上述のシステム及び方法に使用されるモジュールは、ハードウェアまたはソフトウェアもしくはハードウェアとソフトウェアの組み合わせを含み得ることが理解される。 It will be appreciated that the modules used in the systems and methods described above may include hardware or software or a combination of hardware and software.

本発明の種々の実施形態を説明したが、さらに多くの実施形態および実装例が本発明の適用範囲内で可能であることが当業者に明らかであろう。 While various embodiments of the invention have been described, it will be apparent to those skilled in the art that many more embodiments and implementations are possible within the scope of the invention.

Claims

A room containing the location of the listener and the location of the speaker;
A number of loudspeakers arranged in the room;
At least one microphone disposed in the room;
A signal processing module connected to the multiple loudspeakers and the at least one microphone,
In association with the plurality of loudspeakers, a first sound zone is established around the listener's location and a second sound zone is established around the speaker's location;
Determining a parameter of a state of sound present in the first sound zone in association with the at least one microphone, and in association with the plurality of loudspeakers and in the first sound zone; Generating a speech masking sound in the first sound segment configured to reduce a common speech intelligibility in the first sound segment based on the determined sound state;
The signal processing module configured as follows:
Sound compartment equipment.

The signal processing module receives at least one signal representative of the state of the sound in the first sound segment and the signal representative of the state of the sound in the first sound segment and a psychoacoustic masking model The sound compartment facility of claim 1, further comprising a masking signal calculation module configured to provide a voice masking signal based on at least one of the common voice intelligibility model.

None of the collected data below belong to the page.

Lemma Eiter_le_psi k Ss : {in Ss, forall A : set T, measurable A} ->
  0 < L setT ->
  (Eiter P RS lam k Ss <= (psi (alpha * L setT) k%:R (sum_sq Ss))%:E)%E.
Proof.
move=> mSs Lpos; set c := alpha * L setT; have c_gt0 : 0 < c by exact: mulr_gt0.
elim: k Ss mSs => [|k IH] Ss mSs /=.
  by rewrite lee_fin /psi mul0r addr0 mulrAC divff ?mul1r ?gt_eqF // norm2_cells_le.
set X := fun w => sum_sq (RS w :: Ss).
have IX := integral_sum_sq_le mSs Lpos; rewrite -/X -/c in IX.
have [m Xm] : exists m, (\int[P]_w (X w)%:E = m%:E)%E.
  exists (fine (\int[P]_w (X w)%:E)%E); rewrite fineK // ge0_fin_numE.
    by rewrite (le_lt_trans IX) ?ltey.
  by apply: integral_ge0 => w _; rewrite lee_fin sum_sq_ge0.
have m0 : 0 <= m.
  by rewrite -lee_fin -Xm integral_ge0 // => w _; rewrite lee_fin sum_sq_ge0.
have mle : m <= sum_sq Ss - sum_sq Ss ^+ 2 / c by rewrite -lee_fin -Xm.
apply: (@le_trans _ _ (\int[P]_w (psi c k%:R (X w))%:E)%E).
  apply: ge0_le_integral_nomeas => w; first exact: Eiter_ge0.
  exact/IH/measurable_RS_cons.
have k0 : 0 <= k%:R :> R by [].
apply: le_trans (integral_psi_le c_gt0 k0 (measurable_fun_sum_sq mSs)
  (fun w => sum_sq_ge0 _) Xm) _.
rewrite lee_fin -natr1; apply: le_trans (psi_homo_le c_gt0 k0 m0 mle) _.
by apply: psi_step => //; [exact: sum_sq_ge0 | exact: le_trans mle].
Qed.

Lemma Eiter_le0 k Ss : {in Ss, forall A : set T, measurable A} ->
  L setT = 0 -> (Eiter P RS lam k Ss <= 0)%E.
Proof.
move=> mSs L0; elim: k Ss mSs => [|k IH] Ss mSs /=.
  rewrite lee_fin; apply: le_trans (norm2_cells_le lam Ss) _.
  rewrite big_seq big1 // => C /(measurable_cellseq mSs) mC.
  have : L C <= L setT by rewrite -lee_fin !fine_measureE // le_measure ?inE.
  rewrite L0 => LC0; rewrite -/(L C) (_ : L C = 0) ?expr0n //.
  by apply/eqP; rewrite eq_le LC0 fine_measure_ge0.
apply: (@le_trans _ _ (\int[P]_w (cst 0%E w))%E); last by rewrite integral0.
apply: ge0_le_integral_nomeas => w; first exact: Eiter_ge0.
exact/IH/measurable_RS_cons.
Qed.

End random_cells.
(* Let $H\subset G\subset\Sigma_k$ be subgroups and let $A$ be an object of $H\mathrm{ss}_k$. Then there is a natural isomorphism of based $G$-spaces \[ |I_H^G A|\cong G_+\wedge_H|A|. \]
   Context: $\Delta_{\mathrm{inj}}$ is the category of sets $\{0,\dots,n\}$ and monotone injections. $\Sigma_k$ acts on $(\Delta_{\mathrm{inj}}^{\mathrm{op}})^{\times k}$ by permuting factors. For a group $G$ acting on a category $\mathcal C$, $G\ltimes\mathcal C$ has the objects of $\mathcal C$ and morphisms pairs $(\alpha,f)$ with $\alpha\in G$, $f$ a morphism of $\mathcal C$, with domain that of $f$, target $\alpha$ applied to the target of $f$, and composition $(\alpha,f)\circ(\beta,g)=(\alpha\beta,\beta^{-1}(f)\circ g)$. For $H\subset\Sigma_k$, $H\mathrm{ss}_k$ is the category of functors $H\ltimes(\Delta_{\mathrm{inj}}^{\mathrm{op}})^{\times k}\to\mathrm{Set}_*$ (based $k$-fold multisemisimplicial sets with an $H$-''action'' that also permutes multidegrees). For $H\subset G$, $I_H^G:H\mathrm{ss}_k\to G\mathrm{ss}_k$ is left Kan extension along $H\ltimes(\Delta_{\mathrm{inj}}^{\mathrm{op}})^{\times k}\to G\ltimes(\Delta_{\mathrm{inj}}^{\mathrm{op}})^{\times k}$. The geometric realization $|A|$ of $A\in G\mathrm{ss}_k$ is the realization of its underlying $k$-fold multisemisimplicial set; it carries the left $G$-action $\alpha[u_1,\dots,u_k,a]=[u_{\alpha^{-1}(1)},\dots,u_{\alpha^{-1}(k)},(\alpha,\mathrm{id})_*(a)]$ for $(u_1,\dots,u_k)\in\Delta^{\mathbf n}$, $a\in A_{\mathbf n}$. *)

From Stdlib Require Import Reals Relations ClassicalEpsilon.
From mathcomp Require Import all_boot all_fingroup.

Set Implicit Arguments.
Unset Strict Implicit.
Unset Printing Implicit Defensive.

Definition eqv {T : Type} (R : T -> T -> Prop) : T -> T -> Prop :=
  clos_refl_sym_trans T R.

Definition Quot {T : Type} (R : T -> T -> Prop) : Type :=
  { C : T -> Prop | exists t, C = eqv R t }.

Definition cls {T : Type} (R : T -> T -> Prop) (t : T) : Quot R :=
  exist _ (eqv R t) (ex_intro _ t erefl).

Definition rep {T : Type} {R : T -> T -> Prop} (q : Quot R) : T :=
  proj1_sig (constructive_indefinite_description _ (proj2_sig q)).

Section MultiSemiSimplicial.
Variable k : nat.

(* Composition in Sigma_k in the usual (function composition) convention:
   pmul a b = a o b.  (MathComp's product is (a * b) x = b (a x).)       *)
Definition pmul (a b : 'S_k) : 'S_k := (b * a)%g.

(* objects of (Δ_inj^op)^k : multidegrees n = (n_1,...,n_k),
   n_i standing for the set {0,...,n_i} *)
Definition mdeg := 'I_k -> nat.

Definition pact (a : 'S_k) (n : mdeg) : mdeg := fun i => n ((a^-1)%g i).

(* morphisms of Δ_inj : monotone injections {0..m} -> {0..n}
   (= strictly increasing maps) *)
Record injmono (m n : nat) := InjMono {
  im_fun :> 'I_m.+1 -> 'I_n.+1 ;
  im_mono : forall i j : 'I_m.+1, (i < j)%N -> (im_fun i < im_fun j)%N }.

(* a morphism n -> m in (Δ_inj^op)^k : for each i a Δ_inj map [m_i] -> [n_i] *)
Definition Cmor (n m : mdeg) := forall i : 'I_k, injmono (m i) (n i).

Definition Cid (n : mdeg) : Cmor n n :=
  fun i => @InjMono (n i) (n i) (fun j => j) (fun _ _ h => h).

Lemma Ccomp_mono (n m p : mdeg) (f : Cmor n m) (g : Cmor m p) (i : 'I_k) :
  forall a b : 'I_(p i).+1, (a < b)%N -> (f i (g i a) < f i (g i b))%N.
Proof. by move=> a b hab; apply: im_mono; apply: im_mono. Qed.

Definition Ccomp (n m p : mdeg) (f : Cmor n m) (g : Cmor m p) : Cmor n p :=
  fun i => InjMono (@Ccomp_mono n m p f g i).

Definition Cpact (a : 'S_k) (n m : mdeg) (f : Cmor n m) :
  Cmor (pact a n) (pact a m) := fun i => f ((a^-1)%g i).

(* Objects of H ss_k : functors H ⋉ (Δ_inj^op)^k -> Set_*.
   Presented by its total set E of simplices, graded by multidegree
   (E_n = {x | deg x = n}, based at bp n); the value of the functor on
   a morphism (a, f) is  act a \o face f  (with act a = (a,id)_* ).
   The fields below are exactly the functoriality / basedness laws;
   face f is only meaningful on E_n (f : Cmor n m) and act a only for
   a in H.                                                             *)
Record mss (H : {set 'S_k}) := MSS {
  ms_E :> Type ;
  ms_deg : ms_E -> mdeg ;
  ms_bp : mdeg -> ms_E ;
  ms_face : forall n m : mdeg, Cmor n m -> ms_E -> ms_E ;
  ms_act : 'S_k -> ms_E -> ms_E ;
  ms_bp_deg : forall n, ms_deg (ms_bp n) = n ;
  ms_face_deg : forall n m (f : Cmor n m) x,
      ms_deg x = n -> ms_deg (ms_face f x) = m ;
  ms_act_deg : forall a x, a \in H -> ms_deg (ms_act a x) = pact a (ms_deg x) ;
  ms_face_id : forall n x, ms_deg x = n -> ms_face (Cid n) x = x ;
  ms_face_comp : forall n m p (f : Cmor n m) (g : Cmor m p) x,
      ms_deg x = n -> ms_face (Ccomp f g) x = ms_face g (ms_face f x) ;
  ms_act_one : forall x, ms_act 1%g x = x ;
  ms_act_mul : forall a b x, a \in H -> b \in H ->
      ms_act (pmul a b) x = ms_act a (ms_act b x) ;
  ms_act_face : forall a n m (f : Cmor n m) x, a \in H -> ms_deg x = n ->
      ms_act a (ms_face f x) = ms_face (Cpact a f) (ms_act a x) ;
  ms_face_bp : forall n m (f : Cmor n m), ms_face f (ms_bp n) = ms_bp m ;
  ms_act_bp : forall a n, a \in H -> ms_act a (ms_bp n) = ms_bp (pact a n)
}.

(* A natural transformation A => B restricted along K ⋉ C (K a group
   acting on both): a morphism of K ss_k from A to B (B viewed in K ss_k
   by restriction, when B is in G ss_k with K ⊆ G).                    *)
Definition is_hom (K H1 H2 : {set 'S_k}) (A : mss H1) (B : mss H2)
    (phi : A -> B) : Prop :=
  [/\ forall x, ms_deg (phi x) = ms_deg x,
      forall n m (f : Cmor n m) x, ms_deg x = n ->
        phi (ms_face f x) = ms_face f (phi x),
      forall a x, a \in K -> phi (ms_act a x) = ms_act a (phi x)
    & forall n, phi (ms_bp A n) = ms_bp B n].

(* (B, eta) is a left Kan extension I_H^G A of A along
   H ⋉ (Δ_inj^op)^k -> G ⋉ (Δ_inj^op)^k, i.e. it is universal among
   morphisms from A to restrictions of objects of G ss_k.              *)
Definition is_lan (H G : {set 'S_k}) (A : mss H) (B : mss G) (eta : A -> B)
  : Prop :=
  is_hom H eta /\
  forall (C : mss G) (psi : A -> C), is_hom H psi ->
    exists chi : B -> C,
      (is_hom G chi /\ forall x, chi (eta x) = psi x) /\
      forall chi' : B -> C, is_hom G chi' -> (forall x, chi' (eta x) = psi x) ->
        forall y, chi' y = chi y.
(* Let $V$ be a complex vector space with inner products $\langle\cdot,\cdot\rangle_1,\langle\cdot,\cdot\rangle_2$ and induced norms $\|\cdot\|_1,\|\cdot\|_2$. The following are equivalent: (1) there is $c>0$ with $\langle\cdot,\cdot\rangle_2=c\langle\cdot,\cdot\rangle_1$; (2) there is $c>0$ with $\|\cdot\|_2=c\|\cdot\|_1$; (3) for all nonzero $x,y\in V$, the angle between $x$ and $y$ with respect to $\langle\cdot,\cdot\rangle_1$ equals that with respect to $\langle\cdot,\cdot\rangle_2$; (4) for all nonzero $x,y\in V$, the angle between $x,y$ with respect to $\langle\cdot,\cdot\rangle_1$ is $\pi/2$ iff it is $\pi/2$ with respect to $\langle\cdot,\cdot\rangle_2$ (i.e. $\mathrm{Re}\langle x,y\rangle_1=0\iff\mathrm{Re}\langle x,y\rangle_2=0$); (5) for all $x,y\in V$, $\langle x,y\rangle_1=0$ iff $\langle x,y\rangle_2=0$; (6) there exists $\theta_0\in(0,\pi)$ such that for all nonzero $x,y\in V$, the angle between $x$ and $y$ with respect to $\langle\cdot,\cdot\rangle_1$ is $\theta_0$ iff the angle between them with respect to $\langle\cdot,\cdot\rangle_2$ is $\theta_0$.
   Context: Inner products are linear in the first argument and conjugate-linear in the second, with norm $\|x\|=\sqrt{\langle x,x\rangle}$. The (Euclidean) angle between nonzero vectors $x,y$ of a complex inner product space is the unique $\theta\in[0,\pi]$ with $\cos\theta=\mathrm{Re}\,\langle x,y\rangle/(\|x\|\|y\|)$. *)

From mathcomp Require Import all_boot all_order all_algebra.
From mathcomp Require Import complex.
From mathcomp Require Import all_classical all_reals all_analysis.
Set Implicit Arguments. Unset Strict Implicit. Unset Printing Implicit Defensive.
Import Order.TTheory GRing.Theory Num.Theory.
Local Open Scope ring_scope.
Local Open Scope complex_scope.

Definition reC (R : realType) (z : R[i]) : R := complex.Re z.

(* In R[i], [0 < z] means z is a positive real. *)
Definition is_inner_product (R : realType) (V : lmodType R[i])
  (ip : V -> V -> R[i]) : Prop :=
  [/\ forall (a : R[i]) (x y z : V), ip (a *: x + y) z = a * ip x z + ip y z,
      forall x y : V, ip y x = (ip x y)^*
    & forall x : V, x != 0 -> 0 < ip x x].

Definition ipnorm (R : realType) (V : lmodType R[i]) (ip : V -> V -> R[i])
  (x : V) : R := Num.sqrt (reC (ip x x)).

Definition ipangle (R : realType) (V : lmodType R[i]) (ip : V -> V -> R[i])
  (x y : V) : R :=
  acos (reC (ip x y) / (ipnorm ip x * ipnorm ip y)).

(* Everything reduces to the real parts g_k(x, y) = Re <x, y>_k, because
   Im <x, y> = Re <x, i y>.  Suppose g_2(y', x) = 0 whenever y' is the
   g_1-orthogonal component g_1(x, x) y - g_1(y, x) x of y.  Then
   g_2(y, x) = r(x) g_1(y, x) with r(x) = g_2(x, x) / g_1(x, x), and the
   symmetry of g_1, g_2 forces r(x) = r(z) whenever g_1(x, z) <> 0, hence for
   all nonzero x, z (pass through x + z).  Conditions (4), (5) and (6) all
   yield this hypothesis.  For (6), given g_1(w, x) = 0, the two vectors
   z = cos t |w| x +- sin t |x| w make the angle t with x for <.,.>_1, so also
   for <.,.>_2; comparing the two resulting identities forces g_2(w, x) = 0. *)

From mathcomp Require Import all_boot all_order all_algebra.
From mathcomp Require Import complex.
From mathcomp Require Import all_classical all_reals all_analysis.
From mathcomp Require Import ring lra.
Set Implicit Arguments. Unset Strict Implicit. Unset Printing Implicit Defensive.
Import Order.TTheory GRing.Theory Num.Theory.
Local Open Scope ring_scope.
Local Open Scope complex_scope.
Lemma pullback_monomial_mweight w (K : 'X_{1..n}) (s : 'I_n -> 'rV[R]_l) :
  (forall j, conv_hull (supp_pts (tnth f j)) (s j)) ->
  exists2 g, g \in msupp (pullback f 'X_[K]) &
    \sum_j (K j)%:R * dotp w (s j) <= mweight w g.
Proof.
move=> s_hull; have /choice [U U_max] j := msupp_max_exists w (f_neq0 j).
have [g g_in [g_top _]] := msupp_max_prod (P := xpredT) (index_enum 'I_n)
  (fun j _ => msupp_maxX (K j) (U_max j)).
exists g; first by rewrite /pullback comp_mpolyX.
rewrite g_top; apply: ler_sum => j _; rewrite ler_wpM2l ?ler0n //.
by apply: conv_hull_dotp_le (s_hull j) => _ [a a_in <-]; apply: msupp_max_le (U_max j) a a_in.
Qed.

Lemma S_prime_rat_sub T : admissible S f T -> S `<=` @orthant R n ->
  forall x, S x -> rat_points x -> forall s : 'I_n -> 'rV[R]_l,
  (forall j, conv_hull (supp_pts (tnth f j)) (s j)) -> T (\sum_j x ord0 j *: s j).
Proof.
move=> [T_compact T_convex _ T0 T_pull] S_orth x Sx x_rat s s_hull.
apply: contrapT => Ty.
have [w w_sep] := separate_point_compact_convex T_compact T_convex (ex_intro _ 0 T0) Ty.
have [m m_gt0 [K K_E]] := rat_common_denominator x_rat (S_orth _ Sx).
pose XK : cpoly R n := 'X_[[multinom K j | j < n]].
have XK_PT : PT S m XK.
  move=> a; rewrite msuppX inE => /eqP ->; exists x => //.
  by apply/rowP => j; rewrite !mxE mnmE K_E.
have [g g_in g_ge] := pullback_monomial_mweight w [multinom K j | j < n] s_hull.
have [t Tt g_E] := T_pull m XK XK_PT g g_in.
have g_weight : mweight w g = m%:R * dotp w t by rewrite /mweight g_E dotpZ.
have : m%:R * dotp w (\sum_j x ord0 j *: s j) <= m%:R * dotp w t.
  rewrite -g_weight dotp_sum mulr_sumr; apply: le_trans g_ge; apply: ler_sum => j _.
  by rewrite dotpZ mnmE K_E mulrA.
by rewrite ler_pM2l ?ltr0n // leNgt w_sep.
Qed.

The signal processing module receives the voice masking signal and generates the voice masking sound in the first sound section in association with the plurality of loudspeakers and based on the voice masking signal. The sound compartment facility according to claim 2, comprising a multiple-input multiple-output system.

The said multiple loudspeaker comprises at least one of a directional loudspeaker, a loudspeaker with an active beamformer, a near-field loudspeaker, and a loudspeaker with an acoustic lens. Sound compartment facilities.

The signal processing module includes an acoustic echo cancellation module connected to the at least one microphone and receiving at least one microphone signal, the echo cancellation module being configured to further receive at least the audio masking signal. And at least a signal representative of an estimate of the acoustic echo of at least the speech masking signal included in the at least one microphone signal for determining the state of the sound in the first sound segment. The said sound division installation in any one of Claims 2-4 comprised by these.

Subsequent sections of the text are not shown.